Note: there’s probably a cleaner way of collating this dynamically, but I didn’t have much luck :(

locals {
  k8s_server = "${zipmap("${proxmox_vm_qemu.k8s_server.*.name}", "${proxmox_vm_qemu.k8s_server.*.ipconfig0}")}"
  k8s_agent  = "${zipmap("${proxmox_vm_qemu.k8s_agent.*.name}", "${proxmox_vm_qemu.k8s_agent.*.ipconfig0}")}"
  storage    = "${zipmap("${proxmox_vm_qemu.storage.*.name}", "${proxmox_vm_qemu.storage.*.ipconfig0}")}"
  puppet     = "${zipmap("${proxmox_vm_qemu.puppet.*.name}", "${proxmox_vm_qemu.puppet.*.ipconfig0}")}"

}

output "servers" {
  value = "${merge("${local.k8s_server}", "${local.k8s_agent}", "${local.storage}", "${local.puppet}")}"
}

providers.tf

This file tells Terraform what providers we’ll be using, where we will pass in the credentials as a variable from the variables.tf file.

provider "proxmox" {
  pm_parallel     = 1
  pm_tls_insecure = true
  pm_api_url      = var.pm_api_url
  pm_user         = var.pm_user
}

variables.tf

This file lets us state the expected input variables to allow passing this in from command line or set defaults. We’ll set defaults for everything but the password which we’ll export as the environment variable PM_PASS (e.g. export PM_PASS="<Your Proxmox Password>").

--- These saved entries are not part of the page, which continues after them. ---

(* Let $\Bbbk$ be a field, $S=\Bbbk[x_1,\dots,x_n]$, $\mathbf{a}\in\mathbb{N}^n$ with all $a_k\ge1$, and $I\subset S$ a monomial ideal all of whose minimal generators $x^{\mathbf{c}}$ satisfy $\mathbf{c}\preceq\mathbf{a}$. For every $i\in[n]$ and every integer $j$ with $1\le j\le a_i+1$, the squarefree monomial ideals $\mathrm{BM}_{\mathbf{a}+\mathbf{e}_i}(I^{\triangleleft\langle i,j\rangle})$ and $\mathrm{Infl}_{(i,j)}(\mathrm{BM}_{\mathbf{a}}(I))$ (each in a polynomial ring with $|\mathbf{a}|+n+1$ variables) coincide after a suitable bijective identification of the variables of the two polynomial rings.
   Context: $\preceq$ is the componentwise order, $|\mathbf{a}|=\sum_k a_k$, $x^{\mathbf{b}}=\prod_k x_k^{b_k}$, $\mathbf{e}_i$ the $i$-th unit vector. For $m\in\mathbb{Z}$, $\tau_{\langle i,m\rangle}$ fixes coordinates $k\neq i$ and sends $b_i$ to $b_i+1$ if $b_i\ge m$, to $b_i$ otherwise. For $j\ge1$ and $I=(x^{\mathbf{c}_1},\dots,x^{\mathbf{c}_r})$, $I^{\triangleleft\langle i,j\rangle}:=(x^{\tau_{\langle i,j\rangle}(\mathbf{c}_1)},\dots,x^{\tau_{\langle i,j\rangle}(\mathbf{c}_r)})$ (its generators have exponents $\preceq\mathbf{a}+\mathbf{e}_i$). Alexander dual: $I^{\vee\mathbf{a}}=(x^{\mathbf{b}}\mid\mathbf{b}\in\mathbb{N}^n,\ \mathbf{b}\preceq\mathbf{a},\ x^{\mathbf{a}-\mathbf{b}}\notin I)$. Let $\tilde S=\Bbbk[x_{k,m}\mid 1\le k\le n,\ 1\le m\le a_k+1]$. For a monomial ideal $J$ of $S$ with generators $x^{\mathbf{b}}$, $\mathbf{b}\preceq\mathbf{a}$, let $\mathrm{pol}_{\mathbf{a}+\mathbf{1}}(J)$ be the ideal of $\tilde S$ generated by $\prod_k x_{k,1}x_{k,2}\cdots x_{k,b_k}$ and $\mathrm{pol}^{\mathbf{a}+\mathbf{1}}(J)$ the ideal generated by $\prod_k x_{k,a_k+1}x_{k,a_k}\cdots x_{k,a_k-b_k+2}$, over the minimal generators $x^{\mathbf{b}}$ of $J$. The Bier–Murai ideal is $$\mathrm{BM}_{\mathbf{a}}(I)=\mathrm{pol}_{\mathbf{a}+\mathbf{1}}(I)+\mathrm{pol}^{\mathbf{a}+\mathbf{1}}(I^{\vee\mathbf{a}})+\Big(\prod_{m=1}^{a_l+1}x_{l,m}\ \Big|\ l=1,\dots,n\Big)\subset\tilde S.$$ For a squarefree monomial ideal $J$ of a polynomial ring $T$ and a variable $y$ of $T$, the inflation $\mathrm{Infl}_y(J)\subset T[y']$ ($y'$ a new variable) is the ideal obtained by replacing $y$ by $y\cdot y'$ in each minimal generator of $J$; $\mathrm{Infl}_{(i,j)}$ denotes inflation at $x_{i,j}$. *)

From HB Require Import structures.
From mathcomp Require Import all_boot all_order all_algebra.
From mathcomp Require Import mpoly.
Lemma avg_exp_le_two_point k (d : 'I_k -> R) lam a b :
  (0 < k)%N -> a < b -> (forall j, a <= d j <= b) -> \big[Rplus/0]_(j < k) d j = 0 ->
  / INR k * \big[Rplus/0]_(j < k) exp (lam * d j) <=
  (b * exp (lam * a) - a * exp (lam * b)) / (b - a).
Proof.
move=> k_gt0 lt_ab d_ab d_sum0.
have k_pos : 0 < INR k by apply/lt_0_INR/ltP.
have sum_const x : \big[Rplus/0]_(j < k) x = INR k * x.
  by rewrite big_const iter_Rplus card_ord.
have chord : \big[Rplus/0]_(j < k) (exp (lam * d j) * (b - a)) <=
    \big[Rplus/0]_(j < k) ((b - d j) * exp (lam * a) + (d j - a) * exp (lam * b)).
  by apply: Rle_big => j _; apply: exp_le_chord.
rewrite -big_distrl /= big_split /= -!big_distrl /= in chord.
have sum_b : \big[Rplus/0]_(j < k) (b - d j) = INR k * b.
  rewrite (eq_bigr (fun j => b + (-1) * d j)); last by move=> j _; ring.
  by rewrite big_split /= -big_distrr /= d_sum0 sum_const; ring.
have sum_a : \big[Rplus/0]_(j < k) (d j - a) = - (INR k * a).
  rewrite (eq_bigr (fun j => d j + (-1) * a)); last by move=> j _; ring.
  by rewrite big_split /= d_sum0 sum_const; ring.
rewrite sum_b sum_a in chord.
set S := \big[Rplus/0]_(j < k) exp (lam * d j) in chord *.
apply/(Rle_div_r _ _ (b - a)); first lra.
apply: (Rmult_le_reg_l (INR k)) => //.
have -> : INR k * (/ INR k * S * (b - a)) = S * (b - a) by field; lra.
by apply: Rle_trans chord _; right; ring.
Qed.

Lemma hoeffding_lemma k (d : 'I_k -> R) lam c :
  (0 < k)%N -> 0 <= lam -> 0 < c ->
  \big[Rplus/0]_(j < k) d j = 0 -> (forall j j', d j - d j' <= c) ->
  / INR k * \big[Rplus/0]_(j < k) exp (lam * d j) <= exp ((lam * c) ^ 2 / 8).
Proof.
move=> k_gt0 lam_ge0 c_gt0 d_sum0 d_diff.
have k_pos : 0 < INR k by apply/lt_0_INR/ltP.
have [j1 _ min_j1] := order.Order.TotalTheory.arg_minP d (isT : xpredT (Ordinal k_gt0)).
set a := d j1.
have d_ac j : a <= d j <= a + c.
  by split; [apply/RleP/min_j1 | have := d_diff j j1; rewrite /a; lra].
have sum_const x : \big[Rplus/0]_(j < k) x = INR k * x.
  by rewrite big_const iter_Rplus card_ord.
have a_le0 : a <= 0.
  have : \big[Rplus/0]_(j < k) a <= \big[Rplus/0]_(j < k) d j.
    by apply: Rle_big => j _; case: (d_ac j).
  by rewrite d_sum0 sum_const; nra.
have ac_ge0 : 0 <= a + c.
  have : \big[Rplus/0]_(j < k) d j <= \big[Rplus/0]_(j < k) (a + c).
    by apply: Rle_big => j _; case: (d_ac j).
  by rewrite d_sum0 sum_const; nra.
apply: Rle_trans (avg_exp_le_two_point _ d lam a (a + c) k_gt0 _ d_ac d_sum0) _; first lra.
set p := - a / c.
have p01 : 0 <= p <= 1.
  split; first by apply: Rmult_le_pos; [lra | left; apply: Rinv_0_lt_compat].
  by rewrite /p; apply/(Rle_div_l _ _ _ c_gt0); lra.
have a_eq : a = - (p * c) by rewrite /p; field; lra.
apply: Rle_trans (hoeffding_bernoulli p (lam * c) p01 ltac:(nra)).
have exp_a : exp (lam * a) = exp (- (p * (lam * c))) by rewrite a_eq; congr exp; ring.
have exp_ac : exp (lam * (a + c)) = exp (- (p * (lam * c))) * exp (lam * c).
  by rewrite -exp_plus a_eq; congr exp; ring.
by rewrite exp_a exp_ac a_eq; right; field; lra.
Qed.

(** * McDiarmid's inequality for i.i.d. uniform draws *)

Section Draws.
Context {m n : nat}.
Hypothesis n_gt0 : (0 < n)%N.
Local Notation sample := {ffun 'I_m -> 'I_n}.

Let n_pos : 0 < INR n.
Proof. exact/lt_0_INR/ltP. Qed.

Let samples_pos : 0 < INR (n ^ m).
Proof. by apply/lt_0_INR/ltP; rewrite expn_gt0 n_gt0. Qed.

Definition set_draw (Om : sample) (k : nat) (j : 'I_n) : sample :=
  [ffun i => if val i == k then j else Om i].

Definition avg_draw (k : nat) (G : sample -> R) (Om : sample) : R :=
  / INR n * \big[Rplus/0]_(j < n) G (set_draw Om k j).

Definition expect (G : sample -> R) : R :=
  / INR (n ^ m) * \big[Rplus/0]_(Om : sample) G Om.

Lemma set_draw_at Om (k : 'I_m) j : set_draw Om k j k = j.
Proof. by rewrite ffunE eqxx. Qed.

Lemma set_draw_other Om (k : 'I_m) j i : i != k -> set_draw Om k j i = Om i.
Proof.
by move=> ne_ik; rewrite ffunE; case: eqP => // /val_inj eq_ik; rewrite eq_ik eqxx in ne_ik.
Qed.

Lemma set_draw_out Om i j : (m <= i)%N -> set_draw Om i j = Om.
Proof.
by move=> le_mi; apply/ffunP => x; rewrite ffunE ltn_eqF // (leq_trans (ltn_ord x) le_mi).
Qed.

Lemma set_draw_set_draw Om k j j' : set_draw (set_draw Om k j) k j' = set_draw Om k j'.
Proof. by apply/ffunP => i; rewrite !ffunE; case: (val i == k). Qed.

Lemma set_drawC Om k k' j j' : k <> k' ->
  set_draw (set_draw Om k j) k' j' = set_draw (set_draw Om k' j') k j.
Proof.
move=> ne_kk'; apply/ffunP => i; rewrite !ffunE.
case: (eqVneq (val i) k') => [eq_i | //].
by case: eqP => // eq_i'; rewrite -eq_i -eq_i' in ne_kk'.
Qed.

Lemma set_draw_eq Om (k : 'I_m) j : (set_draw Om k j == Om) = (Om k == j).
Proof.
apply/eqP/eqP => [<- | <-]; first by rewrite set_draw_at.
by apply/ffunP => i; rewrite ffunE; case: eqP => // /val_inj ->.
Qed.

Lemma avg_draw_ext k G G' Om :
  (forall Om, G Om = G' Om) -> avg_draw k G Om = avg_draw k G' Om.
Proof. by move=> eq_G; rewrite /avg_draw; congr (_ * _); apply: eq_bigr => j _. Qed.

Lemma avg_draw_set_draw k G Om j : avg_draw k G (set_draw Om k j) = avg_draw k G Om.
Proof.
by rewrite /avg_draw; congr (_ * _); apply: eq_bigr => j' _; rewrite set_draw_set_draw.
Qed.

Lemma avg_drawMl k H G Om : (forall j, H (set_draw Om k j) = H Om) ->
  avg_draw k (fun O => H O * G O) Om = H Om * avg_draw k G Om.
Proof.
move=> H_inv; rewrite /avg_draw (eq_bigr (fun j => H Om * G (set_draw Om k j))).
  by rewrite -big_distrr /=; ring.
by move=> j _; rewrite H_inv.
Qed.

Lemma expect_ext G G' : (forall Om, G Om = G' Om) -> expect G = expect G'.
Proof. by move=> eq_G; rewrite /expect; congr (_ * _); apply: eq_bigr => Om _. Qed.

Lemma expect_le G G' : (forall Om, G Om <= G' Om) -> expect G <= expect G'.
Proof.
move=> le_G; rewrite /expect; apply: Rmult_le_compat_l; last exact: Rle_big.
exact/Rlt_le/Rinv_0_lt_compat.
Qed.

Lemma expectMr G c : expect (fun Om => G Om * c) = expect G * c.
Proof. by rewrite /expect -big_distrl /=; ring. Qed.

Lemma expectD G G' : expect (fun Om => G Om + G' Om) = expect G + expect G'.
Proof. by rewrite /expect big_split /=; ring. Qed.

Lemma expect_sum (I : Type) (s : seq I) (G : I -> sample -> R) :
  expect (fun Om => \big[Rplus/0]_(x <- s) G x Om) = \big[Rplus/0]_(x <- s) expect (G x).
Proof. by rewrite /expect exchange_big /= big_distrr. Qed.

Lemma expect_cst G c : (forall Om, G Om = c) -> expect G = c.
Proof.
move=> G_cst; rewrite (expect_ext _ _ G_cst) /expect big_const iter_Rplus.
by rewrite card_ffun !card_ord; field; lra.
Qed.

Lemma expect_sq_le G : expect G * expect G <= expect (fun Om => G Om * G Om).
Proof.
set e := expect G.
have var_ge0 : 0 <= expect (fun Om => (G Om - e) * (G Om - e)).
  by rewrite -(expect_cst (fun _ => 0) 0) //; apply: expect_le => Om; apply: Rle_0_sqr.
have var_eq : expect (fun Om => (G Om - e) * (G Om - e)) =
              expect (fun Om => G Om * G Om + G Om * (-2 * e) + e * e).
  by apply: expect_ext => Om; ring.
rewrite var_eq !expectD expectMr (expect_cst (fun _ => e * e) (e * e)) // -/e in var_ge0.
lra.
Qed.

Lemma sum_set_draw (k : 'I_m) (G : sample -> R) j :
  \big[Rplus/0]_(Om : sample) G (set_draw Om k j) =
  INR n * \big[Rplus/0]_(Om : sample | Om k == j) G Om.
Proof.
rewrite (partition_big (fun Om : sample => Om k) xpredT) //=.
rewrite (eq_bigr (fun _ => \big[Rplus/0]_(Om : sample | Om k == j) G Om)).
  by rewrite big_const iter_Rplus card_ord.
move=> j0 _.
rewrite (reindex_onto (fun Om => set_draw Om k j0) (fun Om => set_draw Om k j)); last first.
  by move=> Om /eqP <-; rewrite set_draw_set_draw; apply/eqP; rewrite set_draw_eq.
apply: eq_big => Om; last by move=> /andP [_ /eqP ->].
by rewrite set_draw_at eqxx set_draw_set_draw set_draw_eq.
Qed.

Lemma expect_avg_draw k G : (k < m)%N -> expect (avg_draw k G) = expect G.
Proof.
move=> lt_km; pose k' := Ordinal lt_km.
rewrite /expect /avg_draw -big_distrr /= exchange_big /=.
rewrite (eq_bigr (fun j => INR n * \big[Rplus/0]_(Om : sample | Om k' == j) G Om)); last first.
  by move=> j _; rewrite -(sum_set_draw k').
rewrite -big_distrr /= [in RHS](partition_big (fun Om : sample => Om k') xpredT) //=.
by rewrite -!Rmult_assoc; congr (_ * _); field; lra.
Qed.

Lemma prob_Omega_ge0 (E : pred sample) : 0 <= prob_Omega E.
Proof. by apply: Rle_mult_inv_pos => //; apply: pos_INR. Qed.

Lemma prob_Omega_compl_le (E : pred sample) d :
  prob_Omega (fun Om => ~~ E Om) <= d -> 1 - d <= prob_Omega E.
Proof.
have card_split :
    INR #|[set Om : sample | E Om]| + INR #|[set Om : sample | ~~ E Om]| = INR (n ^ m).
  rewrite -plus_INR plusE; congr INR.
  have -> : [set Om : sample | ~~ E Om] = ~: [set Om | E Om] by apply/setP => Om; rewrite !inE.
  by rewrite cardsC card_ffun !card_ord.
have : INR #|[set Om : sample | E Om]| / INR (n ^ m) +
       INR #|[set Om : sample | ~~ E Om]| / INR (n ^ m) = 1.
  by rewrite /Rdiv -Rmult_plus_distr_r card_split Rinv_r //; lra.
rewrite /prob_Omega; lra.
Qed.

Lemma prob_Omega_le_expect (E : pred sample) G :
  (forall Om, 0 <= G Om) -> (forall Om, E Om -> 1 <= G Om) -> prob_Omega E <= expect G.
Proof.
move=> G_ge0 G_ge1.
have card_E : INR #|[set Om : sample | E Om]| =
              \big[Rplus/0]_(Om : sample) (if E Om then 1 else 0).
  by rewrite -big_mkcond big_const iter_Rplus cardsE Rmult_1_r.
rewrite /prob_Omega /expect card_E /Rdiv (Rmult_comm _ (/ _)); apply: Rmult_le_compat_l.
  exact/Rlt_le/Rinv_0_lt_compat.
by apply: Rle_big => Om _; case: ifP => [/G_ge1 | _].
Qed.

Fixpoint avg_last (s : nat) (f : sample -> R) : sample -> R :=
  if s is s'.+1 then avg_draw (m - s'.+1) (avg_last s' f) else f.

(* [doob f k Om] averages out the draws [k, ..., m-1] of [Om]: it is the conditional
   expectation of [f] given the first [k] draws. *)
Definition doob (f : sample -> R) (k : nat) : sample -> R := avg_last (m - k) f.

Lemma avg_last_set_draw s f i Om j : (m - s <= i)%N ->
  avg_last s f (set_draw Om i j) = avg_last s f Om.
Proof.
elim: s i Om j => [|s IH] i Om j le_i /=; first by rewrite set_draw_out // -(subn0 m).
have [-> | ne_i] := eqVneq i (m - s.+1)%N; first exact: avg_draw_set_draw.
rewrite /avg_draw; congr (_ * _); apply: eq_bigr => j' _.
by rewrite set_drawC; [apply: IH; lia | apply/eqP].
Qed.

Lemma expect_avg_last s f : (s <= m)%N -> expect (avg_last s f) = expect f.
Proof. by elim: s => [|s IH] le_sm //=; rewrite expect_avg_draw ?IH //; lia. Qed.

Lemma doob_rec f k Om : (k < m)%N -> doob f k Om = avg_draw k (doob f k.+1) Om.
Proof.
move=> lt_km; rewrite /doob (_ : m - k = (m - k.+1).+1)%N /=; last by lia.
by have -> : (m - (m - k.+1).+1 = k)%N by lia.
Qed.

Lemma doob_set_draw f k i Om j : (k <= i)%N -> doob f k (set_draw Om i j) = doob f k Om.
Proof. by move=> le_ki; apply: avg_last_set_draw; lia. Qed.

Lemma doob_last f Om : doob f m Om = f Om.
Proof. by rewrite /doob subnn. Qed.

Lemma const_of_set_draw_inv (g : sample -> R) :
  (forall Om i j, g (set_draw Om i j) = g Om) -> forall Om Om', g Om = g Om'.
Proof.
move=> g_inv Om Om'.
pose mix d : sample := [ffun i => if (val i < d)%N then Om' i else Om i].
have mix_eq d : g (mix d) = g Om.
  elim: d => [|d <-]; first by congr g; apply/ffunP => i; rewrite ffunE.
  case: (ltnP d m) => [lt_dm | le_md].
    have -> : mix d.+1 = set_draw (mix d) d (Om' (Ordinal lt_dm)); last exact: g_inv.
    apply/ffunP => i; rewrite !ffunE ltnS leq_eqVlt.
    by case: eqVneq => [eq_id | _] //=; congr (Om' _); apply: val_inj.
  congr g; apply/ffunP => i; rewrite !ffunE.
  have lt_id : (val i < d)%N := leq_trans (ltn_ord i) le_md.
  by rewrite lt_id (leqW lt_id).
have mix_m : mix m = Om' by apply/ffunP => i; rewrite ffunE ltn_ord.
by rewrite -(mix_eq m) mix_m.
Qed.

Lemma doob_0 f Om : doob f 0 Om = expect f.
Proof.
have doob0_cst := const_of_set_draw_inv (doob f 0)
  (fun Om i j => doob_set_draw f 0 i Om j (leq0n i)).
rewrite -(expect_avg_last m f (leqnn m)).
have -> : avg_last m f = doob f 0 by rewrite /doob subn0.
by symmetry; apply: expect_cst => Om'; apply: doob0_cst.
Qed.

Section BoundedDifferences.
Variables (f : sample -> R) (c : R).
Hypothesis f_bd :
  forall k Om j j', (k < m)%N -> f (set_draw Om k j) - f (set_draw Om k j') <= c.

Lemma avg_last_bounded_diff s k Om j j' : (k < m - s)%N ->
  avg_last s f (set_draw Om k j) - avg_last s f (set_draw Om k j') <= c.
Proof.
elim: s k Om j j' => [|s IH] k Om j j' lt_k /=; first by apply: f_bd; lia.
have ne_k : k <> (m - s.+1)%N by lia.
rewrite /avg_draw; apply/Rle_minus_l; rewrite Rplus_comm; apply: Rle_avg_add => // j0.
rewrite (set_drawC _ _ _ j _ ne_k) (set_drawC _ _ _ j' _ ne_k).
by have := IH k (set_draw Om (m - s.+1) j0) j j' ltac:(lia); lra.
Qed.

# ---------------------------------------------------------------------------------------------------------------------
# ENVIRONMENT VARIABLES
# Define these secrets as environment variables
# ---------------------------------------------------------------------------------------------------------------------

# PM_PASS # Proxmox password

# ---------------------------------------------------------------------------------------------------------------------
# OPTIONAL PARAMETERS
# ---------------------------------------------------------------------------------------------------------------------

variable "pm_api_url" {
  default = "https://<PROXMOX IP>:8006/api2/json"
}

variable "pm_user" {
  default = "[email protected]"
}

variable "cloudinit_template" {
  default = "centos-8-cloudinit-template" # This should match name of template from Part 1
}

variable "target_node" {
  default = "<PROXMOX HOSTNAME>"
}

variable "ssh_key" {
  default = "<YOUR PUBLIC SSH KEY>"
}

Testing it works (optional)

Since we’ll be using Puppet Bolt to drive the provisioning process this step can be skipped, but if you’re wanting to stop at this point you just need to initialize Terraform and run the plan to confirm it is as expected, and/or applying it.

terraform init
terraform plan

# Extra optional
terraform apply # to actually provision using Terraform use this

Note: If you decide on doing the following, you should remove it afterwards with terraform destroy to later test having Puppet Bolt do this step.

Conclusion

So that’s it for this part. In this guide we defined our infrastructure setup as well as any dependencies for Terraform to provision this, which will be continued in the next part (Part 3) by using Puppet Bolt to run this logic and setup the base configuration management requirements.